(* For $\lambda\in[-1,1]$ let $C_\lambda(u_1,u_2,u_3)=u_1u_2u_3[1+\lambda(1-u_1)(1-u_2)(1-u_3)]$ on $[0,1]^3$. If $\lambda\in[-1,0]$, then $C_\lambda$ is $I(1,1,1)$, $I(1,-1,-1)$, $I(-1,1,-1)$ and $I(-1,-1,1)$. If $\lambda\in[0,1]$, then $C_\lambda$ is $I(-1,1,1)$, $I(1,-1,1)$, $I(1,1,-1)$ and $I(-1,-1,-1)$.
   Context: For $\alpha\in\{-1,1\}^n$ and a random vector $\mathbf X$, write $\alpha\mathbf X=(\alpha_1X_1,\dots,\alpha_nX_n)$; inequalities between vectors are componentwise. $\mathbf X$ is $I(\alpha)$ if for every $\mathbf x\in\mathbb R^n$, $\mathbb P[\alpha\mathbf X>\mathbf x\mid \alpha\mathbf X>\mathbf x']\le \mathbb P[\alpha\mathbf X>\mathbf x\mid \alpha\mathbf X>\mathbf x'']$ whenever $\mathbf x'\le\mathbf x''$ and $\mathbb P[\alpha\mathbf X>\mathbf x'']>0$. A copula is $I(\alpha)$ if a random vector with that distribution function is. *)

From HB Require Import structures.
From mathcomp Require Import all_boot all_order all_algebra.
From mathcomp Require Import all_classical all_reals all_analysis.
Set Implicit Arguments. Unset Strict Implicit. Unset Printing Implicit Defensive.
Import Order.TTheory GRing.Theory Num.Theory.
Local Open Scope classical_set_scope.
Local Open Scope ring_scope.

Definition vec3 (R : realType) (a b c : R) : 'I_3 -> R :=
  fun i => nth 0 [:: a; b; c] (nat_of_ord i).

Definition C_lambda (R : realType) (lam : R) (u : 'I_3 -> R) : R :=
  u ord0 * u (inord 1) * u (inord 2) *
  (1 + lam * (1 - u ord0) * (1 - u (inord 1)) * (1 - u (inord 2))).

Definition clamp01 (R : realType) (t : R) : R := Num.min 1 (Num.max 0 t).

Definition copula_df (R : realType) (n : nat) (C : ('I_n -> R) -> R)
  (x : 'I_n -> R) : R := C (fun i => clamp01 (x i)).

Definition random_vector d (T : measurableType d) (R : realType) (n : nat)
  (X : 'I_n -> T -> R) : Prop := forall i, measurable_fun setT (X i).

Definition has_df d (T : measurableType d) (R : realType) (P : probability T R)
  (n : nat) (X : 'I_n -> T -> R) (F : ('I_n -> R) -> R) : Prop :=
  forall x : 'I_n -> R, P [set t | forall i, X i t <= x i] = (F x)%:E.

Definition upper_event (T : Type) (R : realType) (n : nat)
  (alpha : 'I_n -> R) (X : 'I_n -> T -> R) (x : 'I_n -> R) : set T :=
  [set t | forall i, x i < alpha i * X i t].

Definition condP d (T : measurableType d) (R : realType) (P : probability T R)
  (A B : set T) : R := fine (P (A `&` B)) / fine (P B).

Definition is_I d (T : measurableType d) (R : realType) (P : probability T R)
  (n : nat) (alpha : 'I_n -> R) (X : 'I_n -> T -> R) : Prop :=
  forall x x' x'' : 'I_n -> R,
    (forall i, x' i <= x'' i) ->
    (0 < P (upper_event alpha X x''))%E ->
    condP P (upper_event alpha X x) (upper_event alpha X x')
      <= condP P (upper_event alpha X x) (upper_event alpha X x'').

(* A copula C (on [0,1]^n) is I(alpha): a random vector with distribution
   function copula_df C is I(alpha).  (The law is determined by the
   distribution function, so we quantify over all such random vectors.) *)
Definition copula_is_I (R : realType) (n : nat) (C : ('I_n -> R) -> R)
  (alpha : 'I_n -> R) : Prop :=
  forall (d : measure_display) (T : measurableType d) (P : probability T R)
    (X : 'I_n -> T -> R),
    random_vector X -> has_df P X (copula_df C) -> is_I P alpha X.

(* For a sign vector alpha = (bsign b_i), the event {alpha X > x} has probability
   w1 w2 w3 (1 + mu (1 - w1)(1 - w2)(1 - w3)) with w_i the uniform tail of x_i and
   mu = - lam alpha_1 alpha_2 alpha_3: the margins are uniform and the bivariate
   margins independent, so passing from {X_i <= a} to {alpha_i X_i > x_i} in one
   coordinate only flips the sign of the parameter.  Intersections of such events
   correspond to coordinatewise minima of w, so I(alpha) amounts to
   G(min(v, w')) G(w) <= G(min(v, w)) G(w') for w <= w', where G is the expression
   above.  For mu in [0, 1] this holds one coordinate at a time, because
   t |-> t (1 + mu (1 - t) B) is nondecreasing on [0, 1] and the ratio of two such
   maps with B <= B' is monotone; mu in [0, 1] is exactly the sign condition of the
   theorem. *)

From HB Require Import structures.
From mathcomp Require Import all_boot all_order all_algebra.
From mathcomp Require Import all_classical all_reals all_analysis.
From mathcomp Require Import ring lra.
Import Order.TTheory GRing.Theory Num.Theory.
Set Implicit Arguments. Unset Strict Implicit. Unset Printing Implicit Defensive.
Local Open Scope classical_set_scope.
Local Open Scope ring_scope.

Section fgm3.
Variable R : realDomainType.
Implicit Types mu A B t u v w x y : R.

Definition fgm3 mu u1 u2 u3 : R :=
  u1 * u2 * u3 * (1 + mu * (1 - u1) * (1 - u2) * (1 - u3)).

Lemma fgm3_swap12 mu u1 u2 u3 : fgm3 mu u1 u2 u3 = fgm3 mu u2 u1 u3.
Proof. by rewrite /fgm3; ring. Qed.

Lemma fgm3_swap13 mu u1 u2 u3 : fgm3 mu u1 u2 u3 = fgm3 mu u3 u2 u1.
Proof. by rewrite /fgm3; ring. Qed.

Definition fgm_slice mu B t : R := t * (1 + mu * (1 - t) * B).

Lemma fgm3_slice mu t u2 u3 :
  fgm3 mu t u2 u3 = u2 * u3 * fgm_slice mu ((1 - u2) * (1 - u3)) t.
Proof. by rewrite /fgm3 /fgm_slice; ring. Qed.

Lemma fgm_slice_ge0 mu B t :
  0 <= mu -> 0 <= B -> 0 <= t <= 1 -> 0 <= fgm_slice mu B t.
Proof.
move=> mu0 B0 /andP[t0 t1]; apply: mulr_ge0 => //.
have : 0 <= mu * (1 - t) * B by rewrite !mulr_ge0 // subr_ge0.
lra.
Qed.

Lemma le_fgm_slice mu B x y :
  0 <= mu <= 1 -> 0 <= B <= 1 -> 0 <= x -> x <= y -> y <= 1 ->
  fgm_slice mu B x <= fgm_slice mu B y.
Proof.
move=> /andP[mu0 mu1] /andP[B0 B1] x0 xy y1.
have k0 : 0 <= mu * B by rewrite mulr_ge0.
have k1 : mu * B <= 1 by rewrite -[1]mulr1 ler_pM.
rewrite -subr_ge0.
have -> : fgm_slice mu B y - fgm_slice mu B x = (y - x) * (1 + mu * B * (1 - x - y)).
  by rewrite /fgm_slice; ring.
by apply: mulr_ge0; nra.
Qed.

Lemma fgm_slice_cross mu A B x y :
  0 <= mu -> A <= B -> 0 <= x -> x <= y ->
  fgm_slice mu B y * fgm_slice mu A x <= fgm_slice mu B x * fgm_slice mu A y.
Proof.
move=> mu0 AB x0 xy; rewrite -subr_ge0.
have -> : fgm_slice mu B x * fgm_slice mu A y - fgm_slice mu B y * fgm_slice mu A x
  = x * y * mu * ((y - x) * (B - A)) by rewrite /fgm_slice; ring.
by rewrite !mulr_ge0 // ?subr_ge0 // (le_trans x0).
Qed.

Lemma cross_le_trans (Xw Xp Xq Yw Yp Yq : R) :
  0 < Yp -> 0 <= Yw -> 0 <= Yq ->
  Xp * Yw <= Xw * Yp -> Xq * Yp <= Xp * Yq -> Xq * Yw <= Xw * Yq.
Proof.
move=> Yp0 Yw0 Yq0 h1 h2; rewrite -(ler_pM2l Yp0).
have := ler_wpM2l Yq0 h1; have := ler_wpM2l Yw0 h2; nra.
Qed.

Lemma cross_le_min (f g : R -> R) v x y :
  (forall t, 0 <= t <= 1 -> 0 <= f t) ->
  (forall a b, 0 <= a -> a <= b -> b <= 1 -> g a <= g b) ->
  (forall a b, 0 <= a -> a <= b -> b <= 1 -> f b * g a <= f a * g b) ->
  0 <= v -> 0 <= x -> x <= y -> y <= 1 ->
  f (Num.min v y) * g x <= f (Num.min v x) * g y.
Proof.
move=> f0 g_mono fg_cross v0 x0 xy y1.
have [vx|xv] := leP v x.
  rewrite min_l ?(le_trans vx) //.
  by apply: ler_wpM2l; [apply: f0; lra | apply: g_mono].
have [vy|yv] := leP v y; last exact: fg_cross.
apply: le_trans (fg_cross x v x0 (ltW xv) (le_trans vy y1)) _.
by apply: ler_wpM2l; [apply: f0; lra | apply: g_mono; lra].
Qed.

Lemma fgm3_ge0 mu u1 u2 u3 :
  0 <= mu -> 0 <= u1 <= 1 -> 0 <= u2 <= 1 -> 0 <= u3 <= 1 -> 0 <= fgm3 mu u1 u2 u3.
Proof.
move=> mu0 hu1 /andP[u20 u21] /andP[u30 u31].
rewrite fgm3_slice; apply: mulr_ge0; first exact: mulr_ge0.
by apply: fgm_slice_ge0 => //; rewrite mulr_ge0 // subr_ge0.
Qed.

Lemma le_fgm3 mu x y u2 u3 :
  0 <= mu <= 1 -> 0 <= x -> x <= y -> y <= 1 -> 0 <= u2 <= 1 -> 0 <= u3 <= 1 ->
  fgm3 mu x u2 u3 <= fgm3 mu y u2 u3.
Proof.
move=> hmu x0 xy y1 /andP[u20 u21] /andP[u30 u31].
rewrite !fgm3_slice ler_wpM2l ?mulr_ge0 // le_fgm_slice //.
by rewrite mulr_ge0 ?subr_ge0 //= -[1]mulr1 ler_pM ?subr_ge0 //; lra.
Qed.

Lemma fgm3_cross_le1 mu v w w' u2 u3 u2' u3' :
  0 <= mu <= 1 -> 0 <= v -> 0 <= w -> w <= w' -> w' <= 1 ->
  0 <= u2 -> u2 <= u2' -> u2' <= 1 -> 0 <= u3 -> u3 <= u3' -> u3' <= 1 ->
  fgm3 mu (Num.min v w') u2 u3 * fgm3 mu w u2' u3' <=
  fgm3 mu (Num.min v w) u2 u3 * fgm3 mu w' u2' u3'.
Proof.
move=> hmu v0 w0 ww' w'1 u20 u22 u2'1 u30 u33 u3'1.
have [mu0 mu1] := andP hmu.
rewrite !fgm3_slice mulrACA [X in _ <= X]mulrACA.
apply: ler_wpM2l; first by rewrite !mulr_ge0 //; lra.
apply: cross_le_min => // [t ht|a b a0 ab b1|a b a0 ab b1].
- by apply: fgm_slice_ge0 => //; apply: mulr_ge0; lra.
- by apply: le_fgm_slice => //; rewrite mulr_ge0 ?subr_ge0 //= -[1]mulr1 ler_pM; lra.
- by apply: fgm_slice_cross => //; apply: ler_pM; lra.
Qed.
§
From the entries above, give again exactly the lines running from the line with "Lemma fgm3_swap13 mu" to the line with "Lemma le_fgm_slice mu"; include both of those lines.

Lemma fgm3_swap13 mu u1 u2 u3 : fgm3 mu u1 u2 u3 = fgm3 mu u3 u2 u1.
Proof. by rewrite /fgm3; ring. Qed.

Definition fgm_slice mu B t : R := t * (1 + mu * (1 - t) * B).

Lemma fgm3_slice mu t u2 u3 :
  fgm3 mu t u2 u3 = u2 * u3 * fgm_slice mu ((1 - u2) * (1 - u3)) t.
Proof. by rewrite /fgm3 /fgm_slice; ring. Qed.

Lemma fgm_slice_ge0 mu B t :
  0 <= mu -> 0 <= B -> 0 <= t <= 1 -> 0 <= fgm_slice mu B t.
Proof.
move=> mu0 B0 /andP[t0 t1]; apply: mulr_ge0 => //.
have : 0 <= mu * (1 - t) * B by rewrite !mulr_ge0 // subr_ge0.
lra.
Qed.

Lemma le_fgm_slice mu B x y :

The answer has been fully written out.